The costs of Hurricane Harvey could climb as high as $100 billion, according to at least one estimate. While it will still take weeks for the full extent of the damage to become clear, the catastrophic flooding — and a recovery effort that is likely to take years — will almost certainly have an impact on some critical upcoming deadlines for lawmakers in D.C.

White House and congressional GOP officials told The Washington Post on Sunday that they expected to begin discussing emergency funding for disaster relief soon. Those discussions could present challenges for other items on President Trump’s agenda, from tax reform to a border wall with Mexico.
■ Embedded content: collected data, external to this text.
(* Part (1) is proved by induction on the size of F, for all substitutions
   th of abstracts for the free second-order variables at once.  A
   semi-valuation bounds V(QxF) by sup_< or inf_< of the values of the
   instances of F; by induction each of these lies below (<|) the model value
   of the matching instance, and as D_1 consists exactly of the V(T) both
   families are indexed by the same terms and abstracts.  Since sup_< and
   inf_< are monotone for families matched in this way, the bound carries over
   to the quantified formula.  To make the induction hypothesis apply to
   F(T) for a second-order quantifier, the bound variable is opened with a
   fresh free name j and th is extended by j |-> T.  For (2), given
   beta = V(T_beta) take alpha = V(\x. G(x, T_beta)), which is below
   M(\x. G(x, beta)) by (1). *)

Section TriangleOrder.
Context {disp : Order.disp_t} (B : ctbDistrLatticeType disp) (cB : completeness B).
Local Open Scope order_scope.
Implicit Types (a b c : DB B) (S : DB B -> Prop).

Lemma trile_refl a : trile a a.
Proof. by split. Qed.

Lemma trile_trans a b c : trile a b -> trile b c -> trile a c.
Proof. by move=> [h1 h2] [h3 h4]; split; [apply: le_trans h3 | apply: le_trans h2]. Qed.

Lemma trile_neg a b : trile a b -> trile (negDB a) (negDB b).
Proof. by move=> [h1 h2]; split; rewrite /box /dia /= leC. Qed.

Definition matched S S' : Prop :=
  (forall a, S a -> exists2 b, S' b & trile a b) /\
  (forall b, S' b -> exists2 a, S a & trile a b).

Lemma supDB_matched S S' : matched S S' -> trile (supDB cB S) (supDB cB S').
Proof.
move=> [H1 H2]; split; apply: (proj2 (csupP cB _)) => _ [a [Sa <-]].
- have [b S'b [ab _]] := H1 a Sa.
  by apply: le_trans ab _; apply: (proj1 (csupP cB _)); exists b.
- have [b Sb [_ ba]] := H2 a Sa.
  by apply: le_trans ba _; apply: (proj1 (csupP cB _)); exists b.
Qed.

Lemma infDB_matched S S' : matched S S' -> trile (infDB cB S) (infDB cB S').
Proof.
move=> [H1 H2]; split; apply: cinf_glb => _ [a [Sa <-]].
- have [b Sb [ba _]] := H2 a Sa.
  by apply: le_trans ba; apply: cinf_lb; exists b.
- have [b S'b [_ ab]] := H1 a Sa.
  by apply: le_trans ab; apply: cinf_lb; exists b.
Qed.

Lemma matched_pair2 a0 a1 b0 b1 :
  trile a0 b0 -> trile a1 b1 -> matched (pair2 a0 a1) (pair2 b0 b1).
Proof.
by move=> h0 h1; split=> _ [->|->]; [exists b0 | exists b1 | exists a0 | exists a1];
  rewrite /pair2; auto.
Qed.

Lemma matched_range I (f g : I -> DB B) : (forall i, trile (f i) (g i)) ->
  matched (fun a => exists i, a = f i) (fun b => exists i, b = g i).
Proof. by move=> fg; split=> _ [i ->]; [exists (g i) | exists (f i)]; try exists i. Qed.

Lemma matched_image I J (P : I -> Prop) (Q : J -> Prop) (h : I -> J)
    (f : I -> DB B) (g : J -> DB B) :
  (forall j, Q j <-> exists2 i, P i & j = h i) ->
  (forall i, P i -> trile (f i) (g (h i))) ->
  matched (fun a => exists i, P i /\ a = f i) (fun b => exists j, Q j /\ b = g j).
Proof.
move=> Qh fg; split.
- move=> _ [i [Pi ->]]; exists (g (h i)); last exact: fg.
  by exists (h i); split=> //; apply/Qh; exists i.
- move=> _ [_ [/Qh[i Pi ->] ->]]; exists (f i); last exact: fg.
  by exists i.
Qed.

Lemma supDB_ext S S' : (forall a, S a <-> S' a) -> supDB cB S = supDB cB S'.
Proof.
by move=> SS'; congr supDB; apply: functional_extensionality => a;
  apply: propositional_extensionality.
Qed.

Lemma infDB_ext S S' : (forall a, S a <-> S' a) -> infDB cB S = infDB cB S'.
Proof.
by move=> SS'; congr infDB; apply: functional_extensionality => a;
  apply: propositional_extensionality.
Qed.

End TriangleOrder.

Lemma eq_map_all (A A' : Type) (P : pred A) (f g : A -> A') (s : seq A) :
  all P s -> (forall x, P x -> f x = g x) -> map f s = map g s.
Proof. by elim: s => //= x s IH /andP[Px Ps] fg; rewrite fg // IH. Qed.

Section Substitution.
Variables (C : Type) (K : nat -> Type).
Implicit Types (s : nat -> iterm C) (F G T : fm C K).

Fixpoint fsize F : nat :=
  match F with
  | FAtom _ _ _ => 0
  | FNot F => (fsize F).+1
  | FOr F0 F1 | FAnd F0 F1 => (fsize F0 + fsize F1).+1
  | FEx1 F | FAll1 F | FEx2 _ F | FAll2 _ F => (fsize F).+1
  end.

Lemma fsize_fsubst s F : fsize (fsubst s F) = fsize F.
Proof. by elim: F s => //= *; congruence. Qed.

Lemma eq_fsubst_lc d1 d2 F s s' : lcf d1 d2 F -> (forall i, i < d1 -> s i = s' i) ->
  fsubst s F = fsubst s' F.
Proof.
elim: F d1 d2 s s' => /= [n p ts|F IH|F0 IH0 F1 IH1|F0 IH0 F1 IH1|F IH|F IH|m F IH|m F IH]
  d1 d2 s s'.
- move=> [_ [ts_lc _]] ss'; congr FAtom; apply: val_inj => /=.
  by apply: (eq_map_all ts_lc) => -[] //= i /ss'->.
- by move=> h ss'; rewrite (IH _ _ _ _ h ss').
- by move=> [h0 h1] ss'; rewrite (IH0 _ _ _ _ h0 ss') (IH1 _ _ _ _ h1 ss').
- by move=> [h0 h1] ss'; rewrite (IH0 _ _ _ _ h0 ss') (IH1 _ _ _ _ h1 ss').
all: try by move=> [_ h] ss'; rewrite (IH _ _ _ _ h ss').
all: by move=> h ss'; rewrite (IH _ _ _ (up s') h) // => -[|i] //= /ss'->.
Qed.

Lemma up_comp s s' :
  up (fun i => iterm_subst s (s' i)) = (fun i => iterm_subst (up s) (up s' i)).
Proof. by apply: functional_extensionality => -[|i] //=; case: (s' i). Qed.

Lemma fsubst_comp s s' F :
  fsubst s (fsubst s' F) = fsubst (fun i => iterm_subst s (s' i)) F.
Proof.
elim: F s s' => /= [n p ts|F IH|F0 IH0 F1 IH1|F0 IH0 F1 IH1|F IH|F IH|m F IH|m F IH] s s';
  rewrite ?IH ?IH0 ?IH1 ?up_comp //.
congr FAtom; apply: val_inj => /=.
by rewrite -map_comp; apply: eq_map => -[].
Qed.

Lemma fsubst_inst d2 n T (ts : seq (iterm C)) s : lcf n d2 T -> size ts = n ->
  fsubst s (inst T ts) = inst T (map (iterm_subst s) ts).
Proof.
move=> T_lc ts_n; rewrite /inst fsubst_comp; apply: eq_fsubst_lc T_lc _ => i i_lt.
by rewrite (nth_map (IB 0)) // ts_n.
Qed.

Lemma lcf_widen2 d1 d2 d2' F : (forall n, d2 n <= d2' n) -> lcf d1 d2 F -> lcf d1 d2' F.
Proof.
elim: F d1 d2 d2' => /= [n p ts|F IH|F0 IH0 F1 IH1|F0 IH0 F1 IH1|F IH|F IH|m F IH|m F IH]
  d1 d2 d2' le_d2.
- by case: p => [i|c] [? [? i_lt]]; do 2 split=> //; apply: leq_trans i_lt (le_d2 n).
- exact: IH.
- by case=> /(IH0 _ _ _ le_d2) ? /(IH1 _ _ _ le_d2).
- by case=> /(IH0 _ _ _ le_d2) ? /(IH1 _ _ _ le_d2).
- exact: IH.
- exact: IH.
all: case=> m_gt0 F_lc; split=> //; apply: IH F_lc => k.
all: by case: (k == m); rewrite ?ltnS.
Qed.

Lemma lcf_fsubst d1 d1' d2 F s : (forall i, i < d1 -> iterm_lc d1' (s i)) ->
  lcf d1 d2 F -> lcf d1' d2 (fsubst s F).
Proof.
elim: F d1 d1' d2 s => /= [n p ts|F IH|F0 IH0 F1 IH1|F0 IH0 F1 IH1|F IH|F IH|m F IH|m F IH]
  d1 d1' d2 s s_lc.
- case=> n_gt0 [ts_lc p_lc]; do 2 split=> //.
  by rewrite all_map; apply: sub_all ts_lc => -[] //= i /s_lc.
- exact: IH.
- by case=> /(IH0 _ _ _ _ s_lc) ? /(IH1 _ _ _ _ s_lc).
- by case=> /(IH0 _ _ _ _ s_lc) ? /(IH1 _ _ _ _ s_lc).
all: try by case=> m_gt0 /(IH _ _ _ _ s_lc).
all: by apply: IH => -[|i] //= /s_lc; case: (s i).
Qed.

Lemma sopen_fsubst_closed d1 d2 G m k T s : d2 m <= k -> lcf d1 d2 G ->
  sopen m k T (fsubst s G) = fsubst s G.
Proof.
elim: G d1 d2 k s => /= [n p ts|F IH|F0 IH0 F1 IH1|F0 IH0 F1 IH1|F IH|F IH|n F IH|n F IH]
  d1 d2 k s le_k.
- case: p => [i|c] [_ [_ //= i_lt]]; case: eqP => [nm|//]; subst n.
  have i_lt_k : i < k by apply: leq_trans i_lt le_k.
  by rewrite (ltn_eqF i_lt_k) ltEnat /= ltnNge ltnW.
- by move/(IH _ _ _ s le_k)->.
- by case=> /(IH0 _ _ _ s le_k)-> /(IH1 _ _ _ s le_k)->.
- by case=> /(IH0 _ _ _ s le_k)-> /(IH1 _ _ _ s le_k)->.
- by move/(IH _ _ _ (up s) le_k)->.
- by move/(IH _ _ _ (up s) le_k)->.
all: by case=> _ /IH ->; rewrite // (eq_sym m n); case: (n == m).
Qed.

Lemma sopen_fsubst d2 G m k T s : lcf m d2 T ->
  sopen m k T (fsubst s G) = fsubst s (sopen m k T G).
Proof.
move=> T_lc; elim: G k s => /= [n p ts|F IH|F0 IH0 F1 IH1|F0 IH0 F1 IH1|F IH|F IH|n F IH|n F IH]
  k s; rewrite ?IH ?IH0 ?IH1 //.
case: p => //= i; case: eqP => [nm|//]; subst n.
case: eqP => [_|_]; first by rewrite (fsubst_inst s T_lc) ?size_tuple.
by case: ifP.
Qed.

End Substitution.

Definition is_abs_subst (th : forall n : nat, nat -> formula) : Prop :=
  forall n j, 0 < n -> is_abs n (th n j).

Definition update_abs (th : forall n : nat, nat -> formula) (n j : nat) (T : formula) :
    forall m : nat, nat -> formula :=
  fun m i => if (m == n) && (i == j) then T else th m i.

(* [sname m k j F] is [sopen m k] with the free name [j] in place of an
   abstract. *)
Fixpoint sname (m k j : nat) (F : formula) : formula :=
  match F with
  | FAtom n p ts =>
      match p with
      | PB i => if n == m then
                  (if i == k then FAtom (@PC _ n j) ts
                   else if k < i then FAtom (@PB (fun _ => nat) n i.-1) ts
                   else FAtom (@PB (fun _ => nat) n i) ts)
                else FAtom p ts
      | PC _ => FAtom p ts
      end
  | FNot F => FNot (sname m k j F)
  | FOr F0 F1 => FOr (sname m k j F0) (sname m k j F1)
  | FAnd F0 F1 => FAnd (sname m k j F0) (sname m k j F1)
  | FEx1 F => FEx1 (sname m k j F)
  | FAll1 F => FAll1 (sname m k j F)
  | FEx2 n F => FEx2 n (sname m (if n == m then k.+1 else k) j F)
  | FAll2 n F => FAll2 n (sname m (if n == m then k.+1 else k) j F)
  end.

Fixpoint names_lt (j : nat) (F : formula) : Prop :=
  match F with
  | FAtom n p ts => match p with PC i => (i : nat) < j | PB _ => True end
  | FNot F => names_lt j F
  | FOr F0 F1 | FAnd F0 F1 => names_lt j F0 /\ names_lt j F1
  | FEx1 F | FAll1 F | FEx2 _ F | FAll2 _ F => names_lt j F
  end.

Fixpoint names_ub (F : formula) : nat :=
  match F with
  | FAtom n p ts => match p with PC i => (i : nat).+1 | PB _ => 0 end
  | FNot F => names_ub F
  | FOr F0 F1 | FAnd F0 F1 => maxn (names_ub F0) (names_ub F1)
  | FEx1 F | FAll1 F | FEx2 _ F | FAll2 _ F => names_ub F
  end.

Lemma names_lt_widen j j' F : j <= j' -> names_lt j F -> names_lt j' F.
Proof.
by move=> le_j; elim: F => /= [n [i|c] ts //|*|*|*|*|*|*|*]; intuition;
  apply: leq_trans le_j.
Qed.

Lemma names_lt_ub F : names_lt (names_ub F) F.
Proof.
elim: F => /= [n [i|c] ts //|//|F0 h0 F1 h1|F0 h0 F1 h1|//|//|//|//].
all: by split; [apply: names_lt_widen h0; apply: leq_maxl
                | apply: names_lt_widen h1; apply: leq_maxr].
Qed.

Lemma names_lt_fsubst j s F : names_lt j F -> names_lt j (fsubst s F).
Proof. by elim: F s => /=; intuition. Qed.

Lemma ssubst_names_lt0 th F : names_lt 0 F -> ssubst th F = F.
Proof. by elim: F => /= [n [i|c] ts //|*|*|*|*|*|*|*]; intuition congruence. Qed.

Lemma fsize_sname m k j F : fsize (sname m k j F) = fsize F.
Proof.
elim: F k => /= [n [i|c] ts|F IH|F0 IH0 F1 IH1|F0 IH0 F1 IH1|F IH|F IH|n F IH|n F IH] k;
  rewrite ?IH ?IH0 ?IH1 //.
by case: eqP => // _; case: eqP => // _; case: ifP.
Qed.

Lemma lcf_ssubst th d1 d2 F : is_abs_subst th -> lcf d1 d2 F -> lcf d1 d2 (ssubst th F).
Proof.
move=> th_abs.
elim: F d1 d2 => /= [n [i|j] ts|F IH|F0 IH0 F1 IH1|F0 IH0 F1 IH1|F IH|F IH|m F IH|m F IH]
  d1 d2 //.
- case=> n_gt0 [ts_lc _]; have [_ T_lc] := th_abs n j n_gt0.
  apply: lcf_widen2 (lcf_fsubst _ T_lc) => // i i_lt.
  by apply: (all_nthP (IB 0) ts_lc); rewrite size_tuple.
- exact: IH.
- by case=> /IH0 ? /IH1.
- by case=> /IH0 ? /IH1.
- exact: IH.
- exact: IH.
all: by case=> ? /IH.
Qed.

Lemma fsubst_ssubst th d1 d2 F s : is_abs_subst th -> lcf d1 d2 F ->
  fsubst s (ssubst th F) = ssubst th (fsubst s F).
Proof.
move=> th_abs.
elim: F d1 d2 s => /= [n [i|j] ts|F IH|F0 IH0 F1 IH1|F0 IH0 F1 IH1|F IH|F IH|m F IH|m F IH]
  d1 d2 s //.
- case=> n_gt0 _; have [_ T_lc] := th_abs n j n_gt0.
  by rewrite (fsubst_inst s T_lc) ?size_tuple.
- by move/IH->.
- by case=> /IH0-> /IH1->.
- by case=> /IH0-> /IH1->.
- by move/IH->.
- by move/IH->.
all: by case=> _ /IH->.
Qed.

Lemma lcf_sname n k j d1 d2 F : k < d2 n -> lcf d1 d2 F ->
  lcf d1 (fun m => if m == n then (d2 m).-1 else d2 m) (sname n k j F).
Proof.
elim: F k d1 d2 => /= [n' [i|c] ts|F IH|F0 IH0 F1 IH1|F0 IH0 F1 IH1|F IH|F IH|m F IH|m F IH]
  k d1 d2 k_lt.
- case=> n'_gt0 [ts_lc i_lt]; case: eqP => [e|/eqP ne] /=; last by rewrite (negPf ne).
  subst n.
  move: i_lt; rewrite ltEnat /= => i_lt.
  by case: eqP => [_|ne] /=; [|case: ifP => /= k_i]; rewrite ?eqxx ?ltEnat /=;
  do 2 split=> //; lia.
- by [].
- exact: IH.
- by case=> /(IH0 _ _ _ k_lt) ? /(IH1 _ _ _ k_lt).
- by case=> /(IH0 _ _ _ k_lt) ? /(IH1 _ _ _ k_lt).
- exact: IH.
- exact: IH.
all: case=> m_gt0 F_lc; split=> //.
all: have := IH (if m == n then k.+1 else k) _ _ _ F_lc; rewrite (eq_sym n m).
all: case: (eqVneq m n) => [->|ne] /(_ k_lt) /lcf_widen2; apply=> x.
all: by do ! case: eqP => //= ?; subst; rewrite -?subn1; lia.
Qed.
President Trump had threatened to shutdown the government if any funding bill failed to include money for the border wall with Mexico. But the need for disaster relief funding — and the political risk of failing to deliver such funding — could force the president and Congress to act more quickly to fund the government and avoid a partial federal shutdown. “That is because a government shutdown could sideline agencies involved in a rescue and relief effort that officials are predicting will last years,” Mike DeBonis and Damian Paletta of The Washington Post report.

The balance of the Federal Emergency Management Agency’s disaster relief fund stood at just $3.8 billion at the end of July — with $1.6 billion of that money set to be spent elsewhere. The funds needed for Harvey recovery alone may well exceed the total disaster relief budget for the current and upcoming fiscal years, The Post noted. Also, Congress must reauthorize the National Flood Insurance Program, which is more than $24 billion in debt, by the end of September and ensure that its legal borrowing limit, now around $30 billion, is sufficient to cover expected claims from Harvey victims.

William Hoagland of the Bipartisan Policy Center, who served as a former GOP staff director for the Senate Budget Committee, said the hurricane could also lead to the debt ceiling being raised faster than it otherwise might have been so as to ensure that the Treasury can provide emergency cash to storm-hit areas.

That’s not to say the disaster relief funding won’t devolve into a congressional fight. Both Hurricane Katrina in 2005 and Superstorm Sandy in 2012 led to budget fights in Congress in which Republicans resisted disaster funding that wasn’t offset by other spending cuts.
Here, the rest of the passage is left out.